My old Ham rig is in a storage room. I could get it out and on battery in a flash. An antenna is another thing, however.
if that is the baofeng uv-5r, or a similar model, it can be programmed to scan and interact with pretty much all of the critical frequencies... heheheh (or so i'm told.)
Very, very seldom do we listen to radio broadcasts, either at home or in the car. We both prefer to watch live concert footage either on DVD or YouTube for music.
I had to look up what Pirate Radio is. Interesting that an unlicensed broadcaster can be in a jurisdiction/country where such transmission is legal, and be received in a jurisdiction/country where what he's doing is illegal. I commented about my British mother's WW2-era experiences, and see that one manifestation of Pirate Radio is when our ships sat offshore back then and transmitted popular music to fill in the gaps of the BBC's offering.

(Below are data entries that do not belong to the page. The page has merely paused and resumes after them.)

(* A permutation ranks at most one element of U above all the others. *)
Lemma sum_card_ranked_above (U : {set 'I_n}) :
  \sum_(x in U) #|ranked_above x (U :\ x)| <= n`!.
Proof.
rewrite -card_Sn -sum1_card.
under eq_bigr do rewrite -sum1_card big_mkcond /=.
rewrite exchange_big /=; apply: leq_sum => p _; rewrite -big_mkcondr /= sum1_card.
apply/card_le1_eqP => x y /andP[xU /ranked_aboveP x_top] /andP[yU /ranked_aboveP y_top].
apply: contraTeq isT => xy.
have xUy : x \in U :\ y by rewrite !inE eq_sym xy xU.
have yUx : y \in U :\ x by rewrite !inE xy yU.
by have := ltn_trans (y_top _ xUy) (x_top _ yUx); rewrite ltnn.
Qed.

Lemma card_ranked_above (i : 'I_n) (M : {set 'I_n}) : i \notin M ->
  #|M|.+1 * #|ranked_above i M| <= n`!.
Proof.
move=> iM; set U := i |: M.
have -> : M = U :\ i by rewrite setU1K.
rewrite [X in X * _](_ : _ = #|U|); last by rewrite (cardsD1 i U) setU11.
rewrite -sum_nat_const.
apply: leq_trans (sum_card_ranked_above U); apply: leq_sum => x xU.
exact: card_ranked_above_le.
Qed.

End RankedAbove.

Section HarmonicGap.
Context {R : realType}.
Local Open Scope ring_scope.

Lemma invS_le (e a : R) : 1 <= e -> e <= a ->
  1 / (e + 1) <= 1 / (a + 1) + (1 / e - 1 / a).
Proof.
move=> e1 ea.
have telescope (x : R) : 0 < x -> 1 / x - 1 / (x + 1) = 1 / (x * (x + 1)).
  by move=> x0; field; rewrite !gt_eqF //; lra.
suff : 1 / a - 1 / (a + 1) <= 1 / e - 1 / (e + 1) by lra.
rewrite !telescope; try lra.
by rewrite !div1r lef_pV2 ?posrE; nra.
Qed.
(* Let $h_1,h_2$ be flow graphs over a flow monoid with $X=h_1.X=h_2.X$ and $h_1.\mathit{in}=h_2.\mathit{in}$, and let $F$ be the least fixed point of $\mathrm{ext}_{h_1,h_2}$ on the lattice $(\mathcal{P}(X)^\top,\sqsubseteq)$. If $F\neq\top$, then $F\in\mathrm{FP}(h_1,h_2)$.
   Context: A flow monoid is a commutative monoid $(\mathbb{M},+,0)$ such that $n\le m :\iff \exists o.\ m=n+o$ is a partial order in which every ascending chain $K$ has a least upper bound $\bigsqcup K$, and $n+\bigsqcup K=\bigsqcup(n+K)$. $\mathcal{C}(\mathbb{M}\to\mathbb{M})$ is the set of functions commuting with least upper bounds of ascending chains. Infinite sums denote least upper bounds of finite partial sums. A flow graph is $h=(X,E,\mathit{in})$ with $X\subseteq\mathbb{N}$ finite, $E:X\times\mathbb{N}\to\mathcal{C}(\mathbb{M}\to\mathbb{M})$, $\mathit{in}:(\mathbb{N}\setminus X)\times X\to\mathbb{M}$; $\mathit{in}_x=\sum_{y\in\mathbb{N}\setminus X}\mathit{in}(y,x)$; the flow $h.\mathit{flow}$ is the least $\mathit{flow}:X\to\mathbb{M}$ with $\mathit{flow}(x)=\mathit{in}_x+\sum_{y\in X}E(y,x)(\mathit{flow}(y))$; the outflow is $h.\mathit{out}(x,y)=E(x,y)(h.\mathit{flow}(x))$ for $x\in X$, $y\notin X$. Transfer function: $\mathsf{tf}(h)(\mathit{in}')$ is the outflow of $(X,E,\mathit{in}')$. $\mathsf{tf}(h_1)=_{\mathit{in}}\mathsf{tf}(h_2)$ means equality on all inflows $\mathit{in}'\le\mathit{in}$ (pointwise). Contextual equivalence $h_1\approx h_2$: $h_1.X=h_2.X$, $h_1.\mathit{in}=h_2.\mathit{in}$, $\mathsf{tf}(h_1)=_{h_1.\mathit{in}}\mathsf{tf}(h_2)$. Restriction: for $Y\subseteq\mathbb{N}$, $h|_Y=(X\cap Y,\ E|_{(X\cap Y)\times\mathbb{N}},\ \mathit{in}')$ with $\mathit{in}'(z,y)=\mathit{in}(z,y)$ for $z\notin X$, $y\in X\cap Y$, and $\mathit{in}'(x,y)=E(x,y)(h.\mathit{flow}(x))$ for $x\in X\setminus Y$, $y\in X\cap Y$. Footprints: $\mathrm{FP}(h_1,h_2)$ is the set of $Y\subseteq X$ with $h_1|_Y\approx h_2|_Y$ and $h_1|_{X\setminus Y}=h_2|_{X\setminus Y}$. $\mathrm{Out}(h_1,h_2)=\{x\in X\mid \exists z\in\mathbb{N}.\ h_1.E(x,z)\neq h_2.E(x,z)\}$; for $Z\subseteq X$, $\mathrm{TF}_{h_1,h_2}(Z)=\{x\in\mathbb{N}\setminus Z\mid \exists\,\mathit{in}\le (h_1|_Z).\mathit{in}\ \exists z\in Z:\ \mathsf{tf}(h_1|_Z)(\mathit{in})(z,x)\neq\mathsf{tf}(h_2|_Z)(\mathit{in})(z,x)\}$. $\mathcal{P}(X)^\top=\mathcal{P}(X)\uplus\{\top\}$, ordered by inclusion on $\mathcal{P}(X)$ with $\top$ as greatest element; $\sqcup$ is the corresponding join. $\mathrm{ext}_{h_1,h_2}:\mathcal{P}(X)^\top\to\mathcal{P}(X)^\top$ maps $\top\mapsto\top$ and $Z\subseteq X$ to $\top$ if $\mathrm{TF}_{h_1,h_2}(Z)\not\subseteq X$, and otherwise to $Z\cup\mathrm{Out}(h_1,h_2)\cup\mathrm{TF}_{h_1,h_2}(Z)$. *)

From HB Require Import structures.
From mathcomp Require Import all_boot.
From mathcomp Require Import finmap.
From Stdlib Require Import ClassicalEpsilon.

Set Implicit Arguments.
Unset Strict Implicit.
Unset Printing Implicit Defensive.
(* Let $0<\phi<90^\circ$ be the vertical apex angle of the obstacle sensor, let $v_{xy}>0$ and $v_z=\tan(\phi/2)\,v_{xy}$, and consider the visibility-constrained planning graph described in the context. For a node at position $p_n$ and a target position $p_t$ (both voxel centers), let $d=p_n-p_t=(d_x,d_y,d_z)$ and define $$z_e=\min\Big(|d_z|,\ \tan\tfrac{\phi}{2}\sqrt{d_x^2+d_y^2}\Big),\qquad z_z=\frac{\max(0,|d_z|-z_e)}{v_z}\sqrt{v_{xy}^2+v_z^2},$$ $$h(d)=\sqrt{d_x^2+d_y^2+z_e^2}+z_z .$$ Then $h$ is an admissible heuristic for A* search in this graph, i.e. for every node, $h(p_n-p_t)$ is at most the cost of a shortest path in the graph from that node to any node located at the target position $p_t$.
   Context: Planning graph: space is partitioned into an anisotropic regular voxel grid whose voxels have horizontal edge lengths $v_{xy}$ (in $x$ and $y$) and height $v_z=\tan(\phi/2)v_{xy}$. Vertices correspond to voxel centers (possibly augmented by an additional discrete flight-direction coordinate taking one of eight planar directions; this extra coordinate only restricts which edges are present). Each voxel center is connected by edges to the centers of the voxels in its 26-neighborhood (Moore neighborhood), except that the two edges to the voxels directly above and directly below are removed; some further edges (large changes of flight direction) may also be removed. Thus every edge changes position by a vector $(a v_{xy}, b v_{xy}, c v_z)$ with $a,b,c\in\{-1,0,1\}$ and $(a,b)\neq(0,0)$. The cost of an edge is at least the Euclidean length of this displacement (additional nonnegative costs such as obstacle-proximity costs may be added), and the cost of a path is the sum of its edge costs. A heuristic is admissible if it never overestimates the cost of the cheapest path to the target. *)

From Stdlib Require Import Reals Lra ZArith List.
Open Scope R_scope.

(* Voxel index (i,j,k) in Z^3; voxel center at (i*vxy, j*vxy, k*vz). *)
Definition voxel := (Z * Z * Z)%type.

Definition vz (phi vxy : R) : R := tan (phi / 2) * vxy.

Definition vx_of (v : voxel) : Z := fst (fst v).
Definition vy_of (v : voxel) : Z := snd (fst v).
Definition vzi_of (v : voxel) : Z := snd v.

Definition valid_step (u v : voxel) : Prop :=
  let a := (vx_of v - vx_of u)%Z in
  let b := (vy_of v - vy_of u)%Z in
  let c := (vzi_of v - vzi_of u)%Z in
  (-1 <= a <= 1)%Z /\ (-1 <= b <= 1)%Z /\ (-1 <= c <= 1)%Z /\
  ~ (a = 0%Z /\ b = 0%Z).

Definition edge_len (phi vxy : R) (u v : voxel) : R :=
  let a := IZR (vx_of v - vx_of u) * vxy in
  let b := IZR (vy_of v - vy_of u) * vxy in
  let c := IZR (vzi_of v - vzi_of u) * vz phi vxy in
  sqrt (a * a + b * b + c * c).

Definition heur (phi vxy dx dy dz : R) : R :=
  let ze := Rmin (Rabs dz) (tan (phi / 2) * sqrt (dx * dx + dy * dy)) in
  let zz := Rmax 0 (Rabs dz - ze) / vz phi vxy
            * sqrt (vxy * vxy + vz phi vxy * vz phi vxy) in
  sqrt (dx * dx + dy * dy + ze * ze) + zz.

Definition heur_vox (phi vxy : R) (n t : voxel) : R :=
  heur phi vxy (IZR (vx_of n - vx_of t) * vxy)
               (IZR (vy_of n - vy_of t) * vxy)
               (IZR (vzi_of n - vzi_of t) * vz phi vxy).

Fixpoint walk {V : Type} (E : V -> V -> Prop) (x : V) (l : list V) : Prop :=
  match l with
  | nil => True
  | y :: l' => E x y /\ walk E y l'
  end.

Fixpoint walk_cost {V : Type} (cost : V -> V -> R) (x : V) (l : list V) : R :=
  match l with
  | nil => 0
  | y :: l' => cost x y + walk_cost cost y l'
  end.

From Stdlib Require Import Reals ZArith List Lra Lia Psatz.
Open Scope R_scope.

(* The heuristic is dominated by the norm M(d) = max(|d|, k |d_z|) with
   k = sqrt(v_xy^2 + v_z^2) / v_z, the length per unit of height of the
   steepest edge; the two agree when |d_z| exceeds the cone bound.  M is a
   norm, hence subadditive, and the cost of every edge dominates M of its
   displacement, since an edge rises by at most v_z while moving horizontally
   by at least v_xy.  So u |-> M(p_u - p_t) decreases along an edge by at most
   the edge cost, and telescoping along a path ending at p_t gives the bound. *)

Lemma last_cons {A : Type} (l : list A) (x d : A) : last (x :: l) d = last l x.
Proof.
  revert x d; induction l as [|y l IH]; intros x d; [reflexivity|].
  change (last (y :: l) d = last (y :: l) x). rewrite !IH. reflexivity.
Qed.

Lemma walk_potential_le {V : Type} (E : V -> V -> Prop) (cost : V -> V -> R)
  (p : V -> R) :
  (forall u v, E u v -> p u <= cost u v + p v) ->
  forall n l, walk E n l -> p n <= walk_cost cost n l + p (last l n).
Proof.
  intros hp n l; revert n.
  induction l as [|y l IH]; intros n hw; [simpl; lra|].
  destruct hw as [hE hw].
  rewrite last_cons; simpl walk_cost.
  specialize (hp _ _ hE). specialize (IH _ hw). lra.
Qed.

Definition norm3 (x y z : R) : R := sqrt (x * x + y * y + z * z).

Lemma norm3_triangle x1 y1 z1 x2 y2 z2 :
  norm3 (x1 + x2) (y1 + y2) (z1 + z2) <= norm3 x1 y1 z1 + norm3 x2 y2 z2.
Proof.
  unfold norm3.
  set (A := x1 * x1 + y1 * y1 + z1 * z1). set (B := x2 * x2 + y2 * y2 + z2 * z2).
  set (dot := x1 * x2 + y1 * y2 + z1 * z2).
  assert (hA : 0 <= A) by (unfold A; nra).
  assert (hB : 0 <= B) by (unfold B; nra).
  pose proof (sqrt_pos A). pose proof (sqrt_pos B).
  pose proof (sqrt_sqrt A hA). pose proof (sqrt_sqrt B hB).
  assert (cauchy_schwarz : dot <= sqrt A * sqrt B).
  { destruct (Rle_dec dot 0) as [h|h]; [nra|].
    rewrite <- sqrt_mult, <- (sqrt_square dot) by lra.
    apply sqrt_le_1_alt.
    (* Lagrange's identity *)
    assert (A * B - dot * dot = (x1 * y2 - x2 * y1) ^ 2 + (x1 * z2 - x2 * z1) ^ 2
                                + (y1 * z2 - y2 * z1) ^ 2) by (unfold A, B, dot; ring).
    pose proof (pow2_ge_0 (x1 * y2 - x2 * y1)). pose proof (pow2_ge_0 (x1 * z2 - x2 * z1)).
    pose proof (pow2_ge_0 (y1 * z2 - y2 * z1)). lra. }
  rewrite <- (sqrt_square (sqrt A + sqrt B)) by lra.
  apply sqrt_le_1_alt.
  unfold A, B, dot in *. nra.
Qed.

Definition cone_norm (k x y z : R) : R := Rmax (norm3 x y z) (k * Rabs z).

Lemma cone_norm_triangle k x1 y1 z1 x2 y2 z2 : 0 <= k ->
  cone_norm k (x1 + x2) (y1 + y2) (z1 + z2) <= cone_norm k x1 y1 z1 + cone_norm k x2 y2 z2.
Proof.
  intro hk. unfold cone_norm. apply Rmax_lub.
  - eapply Rle_trans; [apply norm3_triangle|].
    apply Rplus_le_compat; apply Rmax_l.
  - apply Rle_trans with (k * Rabs z1 + k * Rabs z2).
    + rewrite <- Rmult_plus_distr_l. apply Rmult_le_compat_l; [lra|apply Rabs_triang].
    + apply Rplus_le_compat; apply Rmax_r.
Qed.

Lemma cone_norm_0 k : cone_norm k 0 0 0 = 0.
Proof.
  unfold cone_norm, norm3.
  rewrite !Rmult_0_l, !Rplus_0_r, sqrt_0, Rabs_R0, Rmult_0_r.
  apply Rmax_left; lra.
Qed.

Lemma cone_norm_step_le (h w a b c : R) : 0 < h -> 0 < w ->
  c * c <= 1 <= a * a + b * b ->
  cone_norm (sqrt (w * w + h * h) / h) (a * w) (b * w) (c * h)
  <= norm3 (a * w) (b * w) (c * h).
Proof.
  intros hh hw [hc hab]. unfold cone_norm, norm3. apply Rmax_lub; [lra|].
  rewrite Rabs_mult, (Rabs_pos_eq h) by lra.
  replace (sqrt (w * w + h * h) / h * (Rabs c * h))
    with (sqrt (w * w + h * h) * Rabs c) by (field; lra).
  rewrite <- sqrt_Rsqr_abs, <- sqrt_mult by (unfold Rsqr; nra).
  apply sqrt_le_1_alt. unfold Rsqr. nra.
Qed.

Lemma heur_le_cone_norm phi vxy dx dy dz : 0 < tan (phi / 2) -> 0 < vxy ->
  heur phi vxy dx dy dz
  <= cone_norm (sqrt (vxy * vxy + vz phi vxy * vz phi vxy) / vz phi vxy) dx dy dz.
Proof.
  intros ht hv. unfold heur, cone_norm, norm3, vz. set (t := tan (phi / 2)) in *.
  set (r := sqrt (dx * dx + dy * dy)).
  assert (hr : 0 <= r) by apply sqrt_pos.
  assert (er : r * r = dx * dx + dy * dy) by (apply sqrt_sqrt; nra).
  assert (ez : Rabs dz * Rabs dz = dz * dz) by (rewrite <- Rabs_mult; apply Rabs_pos_eq; nra).
  pose proof (Rabs_pos dz).
  destruct (Rle_dec (Rabs dz) (t * r)) as [below|above].
  - rewrite Rmin_left, ez, Rminus_diag, Rmax_left by lra.
    unfold Rdiv. rewrite !Rmult_0_l, Rplus_0_r. apply Rmax_l.
  - rewrite Rmin_right, Rmax_right by lra.
    set (S := sqrt (1 + t * t)).
    assert (scale : forall s, 0 <= s -> sqrt (s * s * (1 + t * t)) = s * S).
    { intros s hs. unfold S. rewrite sqrt_mult, sqrt_square by nra. reflexivity. }
    replace (dx * dx + dy * dy + t * r * (t * r)) with (r * r * (1 + t * t)) by (rewrite <- er; ring).
    replace (vxy * vxy + t * vxy * (t * vxy)) with (vxy * vxy * (1 + t * t)) by ring.
    rewrite !scale by lra.
    replace (r * S + (Rabs dz - t * r) / (t * vxy) * (vxy * S))
      with (vxy * S / (t * vxy) * Rabs dz) by (field; lra).
    apply Rmax_r.
Qed.

Definition cone_dist (phi vxy : R) (u v : voxel) : R :=
  cone_norm (sqrt (vxy * vxy + vz phi vxy * vz phi vxy) / vz phi vxy)
    (IZR (vx_of u - vx_of v) * vxy) (IZR (vy_of u - vy_of v) * vxy)
    (IZR (vzi_of u - vzi_of v) * vz phi vxy).

Lemma cone_dist_triangle phi vxy u v w : 0 < vz phi vxy ->
  cone_dist phi vxy u w <= cone_dist phi vxy u v + cone_dist phi vxy v w.
Proof.
  intro hvz. unfold cone_dist.
  eapply Rle_trans; [|apply cone_norm_triangle].
  - right. f_equal; rewrite !minus_IZR; ring.
  - apply Rle_mult_inv_pos; [apply sqrt_pos|exact hvz].
Qed.

Lemma cone_dist_refl phi vxy u : cone_dist phi vxy u u = 0.
Proof. unfold cone_dist. rewrite !Z.sub_diag, !Rmult_0_l. apply cone_norm_0. Qed.

Lemma cone_dist_le_edge_len phi vxy u v : 0 < vxy -> 0 < vz phi vxy ->
  valid_step u v -> cone_dist phi vxy u v <= edge_len phi vxy u v.
Proof.
  intros hv hvz (ha & hb & hc & hab).
  set (a := (vx_of u - vx_of v)%Z). set (b := (vy_of u - vy_of v)%Z).
  set (c := (vzi_of u - vzi_of v)%Z).
  assert (hc2 : (c * c <= 1)%Z) by (unfold c; nia).
  assert (hab2 : (1 <= a * a + b * b)%Z).
  { assert (a <> 0%Z \/ b <> 0%Z) as [ha0|hb0] by (unfold a, b; lia); nia. }
  apply IZR_le in hc2. apply IZR_le in hab2.
  rewrite mult_IZR in hc2. rewrite plus_IZR, !mult_IZR in hab2.
  eapply Rle_trans; [apply cone_norm_step_le; auto|].
  unfold norm3, edge_len. right. f_equal.
  unfold a, b, c. rewrite !minus_IZR. ring.
Qed.

Theorem corollary1 (phi vxy : R) (V : Type) (pos : V -> voxel)
  (E : V -> V -> Prop) (cost : V -> V -> R) :
  0 < phi < PI / 2 ->
  0 < vxy ->
  (forall u v, E u v -> valid_step (pos u) (pos v)) ->
  (forall u v, E u v -> edge_len phi vxy (pos u) (pos v) <= cost u v) ->
  forall (n : V) (l : list V) (t : voxel),
    walk E n l ->
    pos (last l n) = t ->
    heur_vox phi vxy (pos n) t <= walk_cost cost n l.
Proof.
  intros hphi hv hstep hcost n l t hw hl.
  assert (ht : 0 < tan (phi / 2)) by (apply tan_gt_0; lra).
  assert (hvz : 0 < vz phi vxy) by (unfold vz; nra).
  assert (consistent : forall u v, E u v ->
            cone_dist phi vxy (pos u) t <= cost u v + cone_dist phi vxy (pos v) t).
  { intros u v hE.
    eapply Rle_trans; [apply cone_dist_triangle with (v := pos v); exact hvz|].
    apply Rplus_le_compat_r. eapply Rle_trans; [|apply hcost; exact hE].
    apply cone_dist_le_edge_len; auto. }
  pose proof (walk_potential_le E cost (fun u => cone_dist phi vxy (pos u) t)
                consistent n l hw) as bound.
  simpl in bound. rewrite hl, cone_dist_refl, Rplus_0_r in bound.
  eapply Rle_trans; [apply heur_le_cone_norm; assumption|exact bound].
Qed.
(* Under the rate hypothesis the potentials Y_N (y - c) are bounded uniformly in N. *)
Theorem expA_rate_of_cesaro_rate y B c K N0 : bounded_by y B ->
  (forall n, (N0 <= n)%nat -> (1 <= n)%nat ->
   forall k, Rabs (cesaro_mean n y k - c) <= K / INR n) ->
  exists M, forall t, 0 < t -> forall k, Rabs (expA t y k - c) <= M / t.
Proof.
  intros Hy Hc. set (z := fun k => y k - c). set (Bz := B + Rabs c).
  assert (Hz : bounded_by z Bz) by (apply bounded_by_sub_const; auto).
  assert (Hmean : forall n k, (N0 <= n)%nat -> (1 <= n)%nat ->
                  INR n * Rabs (cesaro_mean n z k) <= Rabs K).
  { intros n k Hn Hn1. assert (0 < INR n) by (apply lt_0_INR; lia).
    unfold z. rewrite cesaro_mean_sub_const by auto.
    pose proof (Hc n Hn Hn1 k) as Hr. apply (Rmult_le_compat_l (INR n)) in Hr; [|lra].
    replace (INR n * (K / INR n)) with K in Hr by (field; lra). pose proof (Rle_abs K). lra. }
  set (D := Bz + Rabs K + INR N0 * Bz).
  exists D. intros t Ht k.
  rewrite <- (expA_sub_const t ltac:(lra) y B c k Hy). fold z.
  apply Rle_plus_epsilon. intros eps He.
  destruct (eventually_div_le (Rabs K) eps He) as [N1 [HN1 HN]].
  set (N := (N0 + N1)%nat). assert (HNp : 0 < INR N) by (apply lt_0_INR; unfold N; lia).
  eapply Rle_trans; [apply (expA_mean_potential_split t z Bz N D); auto; try (unfold N; lia)|].
  - apply mean_potential_bounded; [intros; apply psum_Tpow_bound_of_rate; auto|].
    pose proof (bounded_by_nonneg _ _ Hz). pose proof (Rabs_pos K). pose proof (pos_INR N0).
    unfold D. nra.
  - assert (Rabs (expA t (cesaro_mean N z) k) <= eps); [|lra].
    apply (expA_bounded t ltac:(lra) (cesaro_mean N z)). intros k'.
    pose proof (Hmean N k' ltac:(unfold N; lia) ltac:(unfold N; lia)).
    pose proof (HN N ltac:(unfold N; lia)) as HKN.
    apply (Rmult_le_compat_l (INR N)) in HKN; [|lra].
    replace (INR N * (Rabs K / INR N)) with (Rabs K) in HKN by (field; lra).
    apply (Rmult_le_reg_l (INR N)); lra.
Qed.

(** * Limit profiles *)

Section LimitProfile.
Variables (y ct : seqZ) (B : R).
Hypotheses (Hy : bounded_by y B) (Hlim : tendsto_unif_t (fun t => expA t y) ct).

(* A ct = A exp(tA) y - A (exp(tA) y - ct), where the first term is O(1/t). *)
Lemma limit_profile_harmonic k : Ar ct k = 0.
Proof.
  assert (HB := bounded_by_nonneg y B Hy).
  apply Rabs_le_eps_eq0. intros eps He. destruct (Hlim (eps / 4)) as [T HT]; [lra|].
  set (t := Rmax T 0 + 2 * B / eps + 1).
  assert (HBe : 0 <= 2 * B / eps) by (apply Rle_mult_inv_pos; lra).
  assert (Ht1 : T <= t) by (unfold t; pose proof (Rmax_l T 0); lra).
  assert (Ht0 : 0 < t) by (unfold t; pose proof (Rmax_r T 0); lra).
  assert (H1 : Rabs (Ar (expA t y) k) <= B / t) by (apply Ar_expA_bound; auto).
  assert (H2 : B / t <= eps / 2).
  { apply (Rmult_le_reg_r t); auto. unfold Rdiv. rewrite Rmult_assoc, Rinv_l by lra.
    assert (2 * B / eps * eps = 2 * B) by (field; lra).
    assert (2 * B / eps < t) by (unfold t; pose proof (Rmax_r T 0); lra). nra. }
  assert (H3 : Rabs (Ar (fun k => expA t y k - ct k) k) <= 2 * (eps / 4))
    by (apply Ar_bounded; intros k'; apply HT; lra).
  replace (Ar ct k) with (Ar (expA t y) k - Ar (fun k => expA t y k - ct k) k)
    by (unfold Ar, Tr, avg2; ring).
  eapply Rle_trans; [apply Rabs_minus_le | lra].
Qed.

Lemma limit_profile_bounded : bounded_by ct (B + 1).
Proof.
  intros k. destruct (Hlim 1) as [T HT]; [lra|].
  specialize (HT (Rmax T 0) (Rmax_l _ _) (Rmax_r _ _) k).
  pose proof (expA_bounded (Rmax T 0) (Rmax_r _ _) y B Hy k).
  replace (ct k) with (expA (Rmax T 0) y k - (expA (Rmax T 0) y k - ct k)) by ring.
  eapply Rle_trans; [apply Rabs_minus_le | lra].
Qed.

End LimitProfile.

(* A c = 0 makes c affine on Z, and a bounded affine sequence is constant. *)
Lemma harmonic_bounded_const c D : (forall k, Ar c k = 0) -> bounded_by c D ->
  forall k, c k = c 0%Z.
Proof.
  intros Hh Hb. set (e := fun k => c (k + 1)%Z - c k).
  assert (He : forall k, e k = e 0%Z).
  { assert (Hstep : forall k, e k = e (k - 1)%Z).
    { intros k. specialize (Hh k). unfold Ar, Tr, avg2 in Hh. unfold e.
      replace (k - 1 + 1)%Z with k by lia. replace (k + -1)%Z with (k - 1)%Z in Hh by lia. lra. }
    apply Z.peano_ind; [reflexivity | |]; intros x Hx.
    - rewrite Hstep, Z.sub_1_r, Z.pred_succ. exact Hx.
    - rewrite <- Hx, (Hstep x), Z.sub_1_r. reflexivity. }
  assert (Haff : forall n, c (Z.of_nat n) = c 0%Z + INR n * e 0%Z).
  { induction n; [simpl; ring|].
    replace (c (Z.of_nat (S n))) with (c (Z.of_nat n) + e (Z.of_nat n))
      by (unfold e; rewrite Nat2Z.inj_succ, Z.add_1_r; ring).
    rewrite IHn, (He (Z.of_nat n)), S_INR. ring. }
  assert (He0 : e 0%Z = 0).
  { apply Rabs_le_eps_eq0. intros eps Heps.
    destruct (eventually_div_le (2 * D) eps Heps) as [N [HN1 HN]].
    assert (HNp : 0 < INR N) by (apply lt_0_INR; lia).
    assert (Hd : INR N * Rabs (e 0%Z) <= 2 * D).
    { rewrite <- (Rabs_right (INR N)), <- Rabs_mult by lra.
      replace (INR N * e 0%Z) with (c (Z.of_nat N) - c 0%Z) by (rewrite Haff; ring).
      eapply Rle_trans; [apply Rabs_minus_le|].
      pose proof (Hb (Z.of_nat N)). pose proof (Hb 0%Z). lra. }
    pose proof (HN N (le_n _)).
    apply (Rmult_le_reg_l (INR N)); auto.
    apply (Rmult_le_compat_l (INR N)) in H; [|lra].
    replace (INR N * (2 * D / INR N)) with (2 * D) in H by (field; lra). lra. }
  assert (Hflat : forall k, c (Z.succ k) = c k).
  { intros k. assert (Hk : e k = 0) by (rewrite He; exact He0).
    unfold e in Hk. rewrite Z.add_1_r in Hk. lra. }
  apply Z.peano_ind; [reflexivity | |]; intros x Hx.
  - rewrite Hflat. exact Hx.
  - rewrite <- Hx, <- (Hflat (Z.pred x)), Z.succ_pred. reflexivity.
Qed.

You have a good eye for radios! Yeh, that's the model. I believe it's 8W, so I'm not gonna use it to conspire with someone in Los Angeles (or even across the county) without the aid of repeater towers.
Get an antenna tuner and then you could string up a random single-wire antenna in a hurry. Are you still licensed?
Yep, still licensed. I do have a tuner and I can string a wire. Got the license when I lived in the bush and we could communicate where the phones weren't reliable. Don't use HF anymore, but use an HT to listen in on the ambulances and fire people. The cops are trunked and coded in some manner, so no scanner stuff there.
In an emergency, license be damned. But I could listen for news and what is going on without gov't oversight, right?